AAPL Hits $150. Scott Mortiz Weeps.
September 26, 2007
I long ago gave up trying to predict how Wall Street rewards stocks. Just when you think you’ve got it figured out, along comes a day like today and you’re back to oval seven. Today, Apple Computer’s stock hit a 52 week high of $153.18 for what appears to be no good reason. In fact, this occurred in spite of the fact that Amazon launched what could be considered the first real competition for the iTunes music store, Amazon: MP3. Do investors believe that Amazon’s entry into the market space will spur competition and keep Apple “thinking different”? Did Phil Schiller’s casual remark about unlocked iPhone’s becoming “bricks” bolster investors?

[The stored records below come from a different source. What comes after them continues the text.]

Lemma shapley_delete_null (X : {set T}) (u : {set T} -> R) j z :
  j \in X -> z \in X -> z != j -> (forall S : {set T}, u (z |: S) = u S) ->
  shapley X u j = shapley (X :\ z) u j.
Proof.
move=> jX zX zj null_z.
rewrite /shapley (@sum_powersetD1 (X :\ j) z); last by rewrite !inE zj zX.
have -> : (X :\ j) :\ z = (X :\ z) :\ j by rewrite setDDl setUC -setDDl.
rewrite -big_split /=; apply: eq_bigr => S; rewrite powersetE => SXzj.
have zS : z \notin S by apply/negP=> /(subsetP SXzj); rewrite !inE eqxx andbF.
rewrite cardsU1 zS setUCA !null_z -mulrDl; congr (_ * _).
have cardX : #|X| = #|X :\ z|.+1 by rewrite (cardsD1 z X) zX.
have cardXz : #|X :\ z| = #|(X :\ z) :\ j|.+1 by rewrite (cardsD1 j (X :\ z)) !inE eq_sym zj jX.
rewrite cardX cardXz.
have [r ->] : exists r, #|(X :\ z) :\ j| = (#|S| + r)%N.
  by exists (#|(X :\ z) :\ j| - #|S|)%N; rewrite subnKC // subset_leq_card.
by rewrite add1n -[(_ + r).+2]addn2 -[(_ + r).+1]addn1 -!/(shapley_weight _ _) shapley_weightS.
Qed.

Lemma shapley_unanimity_self (P : {set T}) j : j \in P ->
  shapley P (unanimity P) j = #|P|%:R^-1.
Proof.
move=> jP; rewrite /shapley (bigD1 (P :\ j)) ?powersetE //= big1 ?addr0.
  rewrite /unanimity setD1K // subxx.
  have -> : (P \subset P :\ j) = false by apply/negbTE/subsetPn; exists j; rewrite ?inE ?eqxx.
  have -> : #|P| = #|P :\ j|.+1 by rewrite (cardsD1 j P) jP.
  rewrite subSnn subnn fact0 factS mulr1 subr0 mulr1 natrM invfM mulrCA mulfV ?mulr1 //.
  by rewrite pnatr_eq0 -lt0n fact_gt0.
move=> S /andP[]; rewrite powersetE => SPj SneqPj; rewrite /unanimity.
have -> : (P \subset S) = false.
  by apply/negbTE/subsetPn; exists j => //; apply/negP=> /(subsetP SPj); rewrite !inE eqxx.
have -> : (P \subset j |: S) = false.
  apply/negbTE/negP=> PjS; move/negP: SneqPj; apply; rewrite eqEsubset SPj /=.
  by apply/subsetP=> x /setD1P[xj xP]; move: (subsetP PjS x xP); rewrite !inE (negbTE xj).
by rewrite subrr mulr0.
Qed.

(* The players of X outside P are null players of the unanimity game of P. *)
Lemma shapley_unanimity (X P : {set T}) j : P \subset X -> j \in P ->
  shapley X (unanimity P) j = #|P|%:R^-1.
Proof.
move: {2}#|X :\: P| (erefl #|X :\: P|) => n; elim: n X => [|n IH] X cardXP PX jP.
  suff -> : X = P by apply: shapley_unanimity_self.
  apply/eqP; rewrite eqEsubset PX andbT -setD_eq0 -cards_eq0; exact/eqP.
have [z] : exists z, z \in X :\: P by apply/set0Pn; rewrite -cards_eq0 cardXP.
rewrite inE => /andP[zP zX]; have zj : z != j by apply: contraNneq zP => ->.
rewrite (@shapley_delete_null X _ j z (subsetP PX j jP) zX zj); last first.
  by move=> S; apply: unanimity_null.
apply: IH => //; last by apply/subsetP=> x xP; rewrite !inE (subsetP PX) // andbT;
  apply: contraNneq zP => <-.
have -> : (X :\ z) :\: P = (X :\: P) :\ z by rewrite setDDl setUC -setDDl.
by move: cardXP; rewrite (cardsD1 z (X :\: P)) !inE zP zX => -[].
Qed.

Lemma shapley_unanimity_notin (X P : {set T}) j : j \notin P ->
  shapley X (unanimity P) j = 0.
Proof. by move=> jP; apply: shapley_null => S; apply: unanimity_null. Qed.

End Shapley.

Section Separation.
Variables (T : finType) (e : rel T).

Definition separates (z x y : T) : Prop :=
  exists Q : pred T, [/\ Q x, ~~ Q y & forall u w, u != z -> w != z -> e u w -> Q u -> Q w].

Lemma walk_separated (S : {set T}) z x y t : separates z x y -> z \notin S ->
  path (indrel e S) x t -> last x t != y.
Proof.
case=> Q [Qx Qy Q_closed] zS; elim: t x Qx => [|w t IH] x Qx /=.
  by move=> _; apply: contraNneq _ Qy => <-.
case/andP=> /and3P[xw xS wS]; apply: IH; apply: Q_closed xw Qx.
  by apply: contraNneq _ zS => <-.
by apply: contraNneq _ zS => <-.
Qed.

Lemma separates_pendant z x y : symmetric e -> x != y ->
  (forall w, e x w -> w = z) \/ (forall w, e y w -> w = z) -> separates z x y.
Proof.
move=> e_sym xy [x_pendant|y_pendant].
  exists (pred1 x); split=> //=; first by rewrite eq_sym.
  by move=> u w _ wz uw /eqP ux; move: wz; rewrite (x_pendant w) ?eqxx // -ux.
exists (predC1 y); split=> //=; first by rewrite eqxx.
by move=> u w uz _ uw _; apply: contraNneq uz => wy; rewrite (y_pendant u) // -wy e_sym.
Qed.
(* Fix $\varepsilon\in\{1,-1\}$ and $m\in\mathbb{R}$. Let $I\subset\mathbb{R}$ be an open interval, $A:I\to\mathrm{SL}(2,\mathbb{C})$ and $h:I\to\mathbb{R}$ smooth maps, and let $y:I\to Y$, $y(s)=(A(s);h(s),h'(s),h''(s))$. Then $y$ is an integral curve of the Euler--Lagrange system $(\mathcal{J},\omega)$ with $y^{\ast}\omega=ds$ if and only if \[ A^{-1}A' = H(h) \quad\text{and}\quad \frac{d}{ds}\,U(h,h',h'') = \left[\,U(h,h',h''),\,H(h)\,\right] \quad\text{on } I . \]
   Context: For $h\in\mathbb{R}$ put $H(h)=\begin{pmatrix}0&\varepsilon\\ 2\varepsilon h+\frac{m}{3}+i&0\end{pmatrix}\in\mathfrak{sl}(2,\mathbb{C})$, and for $(h,h_1,h_2)\in\mathbb{R}^3$ put \[ U(h,h_1,h_2)=\begin{pmatrix} i h_1 & 2i\varepsilon\left(h-\varepsilon\left(\frac{m}{3}+i\right)\right)\\[2pt] 2\left(h+\frac{2\varepsilon m}{3}\right)-i\varepsilon\left(h_2-4h^2+\frac{2\varepsilon m h}{3}+\frac{2m^2}{9}-2\right) & -ih_1\end{pmatrix}. \] The momentum space is $Y=\mathrm{SL}(2,\mathbb{C})\times\mathbb{R}^3$ with coordinates $(A;h,h_1,h_2)$. Write the Maurer--Cartan form of $\mathrm{SL}(2,\mathbb{C})$ (pulled back to $Y$) as $A^{-1}dA=\alpha+i\beta$ with $\alpha=\begin{pmatrix}\alpha^1_1&\alpha^1_2\\ \alpha^2_1&-\alpha^1_1\end{pmatrix}$, $\beta=\begin{pmatrix}\beta^1_1&\beta^1_2\\ \beta^2_1&-\beta^1_1\end{pmatrix}$ real-valued. Let $\omega=\beta^2_1$. The Euler--Lagrange system $(\mathcal{J},\omega)$ is the Pfaffian system on $Y$ generated by the 1-forms $\beta^1_1$, $\beta^1_2$, $\alpha^1_1$, $\alpha^1_2-\varepsilon\omega$, $\alpha^2_1-(2\varepsilon h+\frac{m}{3})\omega$, $dh-h_1\omega$, $dh_1-h_2\omega$, $dh_2-12hh_1\omega$, with independence condition $\omega\neq0$. An integral curve is a smooth curve $y$ in $Y$ on which all these generators pull back to zero and $y^\ast\omega$ vanishes nowhere. (These integral curves correspond to extremals of the functional $\int(m+k)\omega$ on null curves in de Sitter 3-space, with $h=\frac{\varepsilon}{2}(k-\frac{m}{3})$.) *)

From Stdlib Require Import Reals.
From Coquelicot Require Import Coquelicot.
Open Scope R_scope.

Definition nonempty_open_interval (a b : Rbar) : Prop := Rbar_lt a b.
Definition in_I (a b : Rbar) (s : R) : Prop := Rbar_lt a s /\ Rbar_lt s b.

Definition smooth_on (a b : Rbar) (f : R -> R) : Prop :=
  forall (n : nat) (s : R), in_I a b s -> ex_derive_n f n s.

Record M2 := mkM2 { m11 : C; m12 : C; m21 : C; m22 : C }.

Definition M2det (X : M2) : C := Cminus (Cmult (m11 X) (m22 X)) (Cmult (m12 X) (m21 X)).
Definition M2mul (X Y : M2) : M2 :=
  mkM2 (Cplus (Cmult (m11 X) (m11 Y)) (Cmult (m12 X) (m21 Y)))
       (Cplus (Cmult (m11 X) (m12 Y)) (Cmult (m12 X) (m22 Y)))
       (Cplus (Cmult (m21 X) (m11 Y)) (Cmult (m22 X) (m21 Y)))
       (Cplus (Cmult (m21 X) (m12 Y)) (Cmult (m22 X) (m22 Y))).
Definition M2sub (X Y : M2) : M2 :=
  mkM2 (Cminus (m11 X) (m11 Y)) (Cminus (m12 X) (m12 Y))
       (Cminus (m21 X) (m21 Y)) (Cminus (m22 X) (m22 Y)).
Definition M2inv (X : M2) : M2 :=
  let d := Cinv (M2det X) in
  mkM2 (Cmult d (m22 X)) (Cmult d (Copp (m12 X)))
       (Cmult d (Copp (m21 X))) (Cmult d (m11 X)).
Definition M2bracket (X Y : M2) : M2 := M2sub (M2mul X Y) (M2mul Y X).

Definition CDerive (f : R -> C) (s : R) : C :=
  (Derive (fun t => fst (f t)) s, Derive (fun t => snd (f t)) s).
Definition M2Derive (A : R -> M2) (s : R) : M2 :=
  mkM2 (CDerive (fun t => m11 (A t)) s) (CDerive (fun t => m12 (A t)) s)
       (CDerive (fun t => m21 (A t)) s) (CDerive (fun t => m22 (A t)) s).

Definition smoothC_on (a b : Rbar) (f : R -> C) : Prop :=
  smooth_on a b (fun t => fst (f t)) /\ smooth_on a b (fun t => snd (f t)).
Definition smoothM2_on (a b : Rbar) (A : R -> M2) : Prop :=
  smoothC_on a b (fun t => m11 (A t)) /\ smoothC_on a b (fun t => m12 (A t)) /\
  smoothC_on a b (fun t => m21 (A t)) /\ smoothC_on a b (fun t => m22 (A t)).

(* pullback of the Maurer-Cartan form A^{-1} dA along the curve: A(s)^{-1} A'(s) ds;
   alpha = Re, beta = Im (entrywise). *)
Definition MC (A : R -> M2) (s : R) : M2 := M2mul (M2inv (A s)) (M2Derive A s).

Definition Hmat (eps m h : R) : M2 :=
  mkM2 (RtoC 0) (RtoC eps) (Cplus (RtoC (2 * eps * h + m / 3)) Ci) (RtoC 0).

Definition Umat (eps m h h1 h2 : R) : M2 :=
  mkM2 (Cmult Ci (RtoC h1))
       (Cmult (Cmult (RtoC 2) (Cmult Ci (RtoC eps)))
              (Cminus (RtoC h) (Cmult (RtoC eps) (Cplus (RtoC (m / 3)) Ci))))
       (Cminus (RtoC (2 * (h + 2 * eps * m / 3)))
               (Cmult (Cmult Ci (RtoC eps))
                      (RtoC (h2 - 4 * h ^ 2 + 2 * eps * m * h / 3 + 2 * m ^ 2 / 9 - 2))))
       (Copp (Cmult Ci (RtoC h1))).

(* A curve y(s) = (A(s); h(s), h1(s), h2(s)) in Y = SL(2,C) x R^3, defined on ]a,b[,
   is an integral curve of the Euler-Lagrange system (J, omega): y is smooth, takes
   values in Y, all generators of J pull back to zero and y^* omega vanishes nowhere.
   The pullback of a 1-form along y is written as its coefficient of ds. *)
Definition integral_curve (eps m : R) (a b : Rbar)
    (A : R -> M2) (h h1 h2 : R -> R) : Prop :=
  smoothM2_on a b A /\ smooth_on a b h /\ smooth_on a b h1 /\ smooth_on a b h2 /\
  forall s, in_I a b s ->
    let X := MC A s in
    let omega := snd (m21 X) in                     (* y^* beta^2_1 *)
    M2det (A s) = RtoC 1 /\
    snd (m11 X) = 0 /\
    snd (m12 X) = 0 /\
    fst (m11 X) = 0 /\
    fst (m12 X) - eps * omega = 0 /\
    fst (m21 X) - (2 * eps * h s + m / 3) * omega = 0 /\
    Derive h s - h1 s * omega = 0 /\
    Derive h1 s - h2 s * omega = 0 /\
    Derive h2 s - 12 * h s * h1 s * omega = 0 /\
    omega <> 0.

From Stdlib Require Import Reals Lra.
From Coquelicot Require Import Coquelicot.
Open Scope R_scope.

(* Along a curve with [y^* omega = ds], the generators of [J] containing
   [alpha] and [beta] fix every entry of [A^{-1} A'] except [a22], and
   [det A = 1] forces [A^{-1} A'] to be traceless (Jacobi's formula), so these
   generators say exactly [A^{-1} A' = H(h)]. The remaining generators say
   [h1 = h'], [h2 = h''] and [h''' = 12 h h'], and entry by entry the Lax
   equation [U' = [U, H]] is the same third-order equation. *)

Lemma smooth_on_ex_derive a b f s : smooth_on a b f -> in_I a b s -> ex_derive f s.
Proof. intros Hf Hs. exact (Hf 1%nat s Hs). Qed.

Lemma smooth_on_Derive a b f : smooth_on a b f -> smooth_on a b (Derive f).
Proof.
intros Hf [|n] s Hs; [exact I|].
apply (ex_derive_ext (Derive_n f (S n))); [|exact (Hf (S (S n)) s Hs)].
intro t. rewrite <- Nat.add_1_r. symmetry. exact (Derive_n_comp f n 1 t).
Qed.

Lemma in_I_locally a b s : in_I a b s -> locally s (in_I a b).
Proof.
intros [Ha Hb]. apply filter_and; [apply open_Rbar_gt | apply open_Rbar_lt]; assumption.
Qed.

Definition is_CDerive (f : R -> C) (s : R) (l : C) : Prop :=
  is_derive (fun t => fst (f t)) s (fst l) /\ is_derive (fun t => snd (f t)) s (snd l).

Lemma is_CDerive_unique f s l l' : is_CDerive f s l -> is_CDerive f s l' -> l = l'.
Proof.
intros [H1 H2] [H1' H2'].
apply injective_projections.
- now rewrite <- (is_derive_unique _ _ _ H1), <- (is_derive_unique _ _ _ H1').
- now rewrite <- (is_derive_unique _ _ _ H2), <- (is_derive_unique _ _ _ H2').
Qed.

Lemma is_CDerive_locally_const f c s : locally s (fun t => f t = c) -> is_CDerive f s (RtoC 0).
Proof.
intros Hc. split.
- apply (is_derive_ext_loc (fun _ => fst c)); [|exact (is_derive_const _ s)].
  apply (filter_imp (fun t => f t = c)); [intros t ->; reflexivity | exact Hc].
- apply (is_derive_ext_loc (fun _ => snd c)); [|exact (is_derive_const _ s)].
  apply (filter_imp (fun t => f t = c)); [intros t ->; reflexivity | exact Hc].
Qed.

Lemma smoothC_on_is_CDerive a b f s : smoothC_on a b f -> in_I a b s -> is_CDerive f s (CDerive f s).
Proof. intros [H1 H2] Hs. split; apply Derive_correct; eapply smooth_on_ex_derive; eassumption. Qed.

Lemma is_derive_Rmult (f g : R -> R) s lf lg : is_derive f s lf -> is_derive g s lg ->
  is_derive (fun t => f t * g t) s (lf * g s + f s * lg).
Proof. intros Hf Hg. exact (is_derive_mult f g s lf lg Hf Hg Rmult_comm). Qed.

Lemma is_derive_Rminus (f g : R -> R) s lf lg : is_derive f s lf -> is_derive g s lg ->
  is_derive (fun t => f t - g t) s (lf - lg).
Proof. exact (is_derive_minus f g s lf lg). Qed.

Lemma is_derive_Rplus (f g : R -> R) s lf lg : is_derive f s lf -> is_derive g s lg ->
  is_derive (fun t => f t + g t) s (lf + lg).
Proof. exact (is_derive_plus f g s lf lg). Qed.

Lemma is_CDerive_mult f g s lf lg : is_CDerive f s lf -> is_CDerive g s lg ->
  is_CDerive (fun t => Cmult (f t) (g t)) s (Cplus (Cmult lf (g s)) (Cmult (f s) lg)).
Proof.
intros [Hf1 Hf2] [Hg1 Hg2]. split; unfold Cmult, Cplus; cbn [fst snd].
- replace (_ + _) with ((fst lf * fst (g s) + fst (f s) * fst lg)
                       - (snd lf * snd (g s) + snd (f s) * snd lg)) by ring.
  apply is_derive_Rminus; apply is_derive_Rmult; assumption.
- replace (_ + _) with ((fst lf * snd (g s) + fst (f s) * snd lg)
                       + (snd lf * fst (g s) + snd (f s) * fst lg)) by ring.
  apply is_derive_Rplus; apply is_derive_Rmult; assumption.
Qed.

Lemma is_CDerive_minus f g s lf lg : is_CDerive f s lf -> is_CDerive g s lg ->
  is_CDerive (fun t => Cminus (f t) (g t)) s (Cminus lf lg).
Proof.
intros [Hf1 Hf2] [Hg1 Hg2].
split; [exact (is_derive_Rminus _ _ _ _ _ Hf1 Hg1) | exact (is_derive_Rminus _ _ _ _ _ Hf2 Hg2)].
Qed.

Lemma is_CDerive_M2det_trace_MC a b A s : smoothM2_on a b A -> in_I a b s -> M2det (A s) = RtoC 1 ->
  is_CDerive (fun t => M2det (A t)) s (Cplus (m11 (MC A s)) (m22 (MC A s))).
Proof.
intros (H11 & H12 & H21 & H22) Hs Hdet.
apply smoothC_on_is_CDerive with (s := s) in H11, H12, H21, H22; try exact Hs.
pose proof (is_CDerive_minus _ _ _ _ _ (is_CDerive_mult _ _ _ _ _ H11 H22)
                                      (is_CDerive_mult _ _ _ _ _ H12 H21)) as Hd.
(* With [det A = 1] the inverse of [A] is its adjugate, and the trace of
   [adj(A) A'] is the product-rule expansion of [(det A)']. *)
replace (Cplus _ _) with
  (Cminus (Cplus (Cmult (CDerive (fun t => m11 (A t)) s) (m22 (A s)))
                 (Cmult (m11 (A s)) (CDerive (fun t => m22 (A t)) s)))
          (Cplus (Cmult (CDerive (fun t => m12 (A t)) s) (m21 (A s)))
                 (Cmult (m12 (A s)) (CDerive (fun t => m21 (A t)) s)))); [exact Hd |].
unfold MC, M2mul, M2inv, M2Derive. rewrite Hdet. cbn [m11 m12 m21 m22].
field.
Qed.

Lemma trace_MC_eq0 a b A s : (forall t, in_I a b t -> M2det (A t) = RtoC 1) ->
  smoothM2_on a b A -> in_I a b s -> Cplus (m11 (MC A s)) (m22 (MC A s)) = RtoC 0.
Proof.
intros Hdet HA Hs.
apply (is_CDerive_unique (fun t => M2det (A t)) s).
- exact (is_CDerive_M2det_trace_MC a b A s HA Hs (Hdet s Hs)).
- apply is_CDerive_locally_const with (c := RtoC 1).
  apply (filter_imp (in_I a b)); [exact Hdet | exact (in_I_locally a b s Hs)].
Qed.

Lemma eq_Hmat_iff eps m h X :
  X = Hmat eps m h <->
  Cplus (m11 X) (m22 X) = RtoC 0 /\
  snd (m11 X) = 0 /\ snd (m12 X) = 0 /\ fst (m11 X) = 0 /\
  fst (m12 X) - eps * snd (m21 X) = 0 /\
  fst (m21 X) - (2 * eps * h + m / 3) * snd (m21 X) = 0 /\
  snd (m21 X) = 1.
Proof.
split.
- intros ->. unfold Hmat, Cplus, RtoC, Ci; cbn [fst snd m11 m12 m21 m22].
  repeat split; try (f_equal; ring); ring.
- destruct X as [[x11 y11] [x12 y12] [x21 y21] [x22 y22]].
  unfold Hmat, Cplus, RtoC, Ci; cbn [fst snd m11 m12 m21 m22].
  intros (Htr & H1 & H2 & H3 & H4 & H5 & ->). injection Htr as Htr1 Htr2.
  f_equal; f_equal; lra.
Qed.

Lemma M2bracket_Umat_Hmat eps m p q r : eps = 1 \/ eps = -1 ->
  M2bracket (Umat eps m p q r) (Hmat eps m p) =
  mkM2 (0, r) (0, 2 * eps * q) (2 * q, - eps * (4 * p * q + 2 * eps * m * q / 3)) (0, - r).
Proof.
intros Heps.
unfold M2bracket, M2sub, M2mul, Umat, Hmat, Cminus, Cmult, Cplus, Copp, RtoC, Ci.
cbn [fst snd m11 m12 m21 m22].
destruct Heps as [-> | ->]; f_equal; f_equal; field.
Qed.

Lemma M2Derive_Umat eps m (p q r : R -> R) s :
  ex_derive p s -> ex_derive q s -> ex_derive r s ->
  M2Derive (fun t => Umat eps m (p t) (q t) (r t)) s =
  mkM2 (0, Derive q s) (0, 2 * eps * Derive p s)
    (2 * Derive p s, - eps * (Derive r s - 8 * p s * Derive p s + 2 * eps * m * Derive p s / 3))
    (0, - Derive q s).
Proof.
intros Hp Hq Hr.
unfold M2Derive, CDerive, Umat, Cminus, Cmult, Cplus, Copp, RtoC, Ci.
cbn [fst snd m11 m12 m21 m22].
f_equal; f_equal; apply is_derive_unique; auto_derive; repeat split; auto.
(* [auto_derive] produces [Derive (fun x => p x) s]; [set] folds it up to eta. *)
all: set (Dp := Derive p s); set (Dq := Derive q s); set (Dr := Derive r s); field.
Qed.

Lemma M2Derive_Umat_eq_bracket_iff eps m (p q r : R -> R) s : eps = 1 \/ eps = -1 ->
  ex_derive p s -> ex_derive q s -> ex_derive r s ->
  M2Derive (fun t => Umat eps m (p t) (q t) (r t)) s
    = M2bracket (Umat eps m (p s) (q s) (r s)) (Hmat eps m (p s))
  <-> Derive p s = q s /\ Derive q s = r s /\ Derive r s = 12 * p s * q s.
Proof.
intros Heps Hp Hq Hr.
rewrite M2Derive_Umat, M2bracket_Umat_Hmat by assumption.
split.
- intros E. injection E as E1 _ E3 E4 _.
  assert (Hpq : Derive p s = q s) by lra.
  rewrite Hpq in E4. repeat split; [exact Hpq | lra |].
  destruct Heps as [-> | ->]; lra.
- intros (Hpq & Hqr & Hr'). rewrite Hpq, Hqr, Hr'. f_equal; f_equal; ring.
Qed.

Lemma M2Derive_Umat_jet_eq_bracket_iff eps m a b h s : eps = 1 \/ eps = -1 ->
  smooth_on a b h -> in_I a b s ->
  M2Derive (fun t => Umat eps m (h t) (Derive h t) (Derive_n h 2 t)) s
    = M2bracket (Umat eps m (h s) (Derive h s) (Derive_n h 2 s)) (Hmat eps m (h s))
  <-> Derive (Derive_n h 2) s = 12 * h s * Derive h s.
Proof.
intros Heps Hh Hs.
pose proof (smooth_on_Derive a b h Hh) as Hh1.
pose proof (smooth_on_Derive a b _ Hh1) as Hh2.
rewrite (M2Derive_Umat_eq_bracket_iff eps m h (Derive h) (Derive_n h 2) s Heps)
  by (eapply smooth_on_ex_derive; eassumption).
split; [tauto | intros Hh3; repeat split; exact Hh3].
Qed.

Theorem proposition3p3 (eps m : R) (Heps : eps = 1 \/ eps = -1)
  (a b : Rbar) (HI : nonempty_open_interval a b)
  (A : R -> M2) (h : R -> R)
  (HAsl : forall s, in_I a b s -> M2det (A s) = RtoC 1)
  (HAsm : smoothM2_on a b A) (Hhsm : smooth_on a b h) :
  ( integral_curve eps m a b A h (Derive h) (Derive_n h 2)
    /\ (forall s, in_I a b s -> snd (m21 (MC A s)) = 1) )
  <->
  ( (forall s, in_I a b s -> MC A s = Hmat eps m (h s))
    /\ (forall s, in_I a b s ->
          M2Derive (fun t => Umat eps m (h t) (Derive h t) (Derive_n h 2 t)) s
          = M2bracket (Umat eps m (h s) (Derive h s) (Derive_n h 2 s)) (Hmat eps m (h s))) ).
Proof.
split.
- intros [(_ & _ & _ & _ & Hforms) Homega].
  split; intros s Hs.
  + pose proof (trace_MC_eq0 a b A s HAsl HAsm Hs) as Htr.
    destruct (Hforms s Hs) as (_ & Hb11 & Hb12 & Ha11 & Ha12 & Ha21 & _).
    apply eq_Hmat_iff. rewrite (Homega s Hs) in *. repeat (split; [assumption |]); reflexivity.
  + destruct (Hforms s Hs) as (_ & _ & _ & _ & _ & _ & _ & _ & Hh3 & _).
    rewrite (Homega s Hs) in Hh3.
    apply (M2Derive_Umat_jet_eq_bracket_iff eps m a b h s Heps Hhsm Hs). lra.
- intros [HX HLax].
  pose proof (fun s Hs => proj1 (eq_Hmat_iff eps m (h s) (MC A s)) (HX s Hs)) as Hforms.
  pose proof (smooth_on_Derive a b h Hhsm) as Hh1.
  split.
  + split; [exact HAsm |]. split; [exact Hhsm |]. split; [exact Hh1 |].
    split; [exact (smooth_on_Derive a b _ Hh1) |].
    intros s Hs; cbv zeta.
    destruct (Hforms s Hs) as (_ & Hb11 & Hb12 & Ha11 & Ha12 & Ha21 & Homega).
    pose proof (proj1 (M2Derive_Umat_jet_eq_bracket_iff eps m a b h s Heps Hhsm Hs)
                      (HLax s Hs)) as Hh3.
    change (Derive (Derive h) s) with (Derive_n h 2 s).
    rewrite Homega in *. split; [exact (HAsl s Hs) |]. repeat split; lra.
  + intros s Hs. apply (Hforms s Hs).
Qed.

Or perhaps they have begun to see the reporting of clueless “experts” like theStreet.com’s Scott Mortiz, as the fabricated bullshit that it is.
No matter what the cause, the $150 goal for AAPL has been met and suddenly $200 doesn’t seem all that impossible. The Christmas buying season is just around the corner. The iPhone is about to launch in European markets and there is now an entire new line of iPods in the channel. Despite some recent miss-steps, Apple has seemingly stayed ahead of competitors (Zune 2.0? Please!), scared the bejezus out of the cell phone carriers and given Mac users even more reasons to drool over hardware. Let Mortiz and company try to short the stock. Apple’s innovation along with revenue from this year’s product releases will push the stock to new heights. You can bank on it.
Disclosure: If you have not figured it out, yes, I own stock in Apple Computer.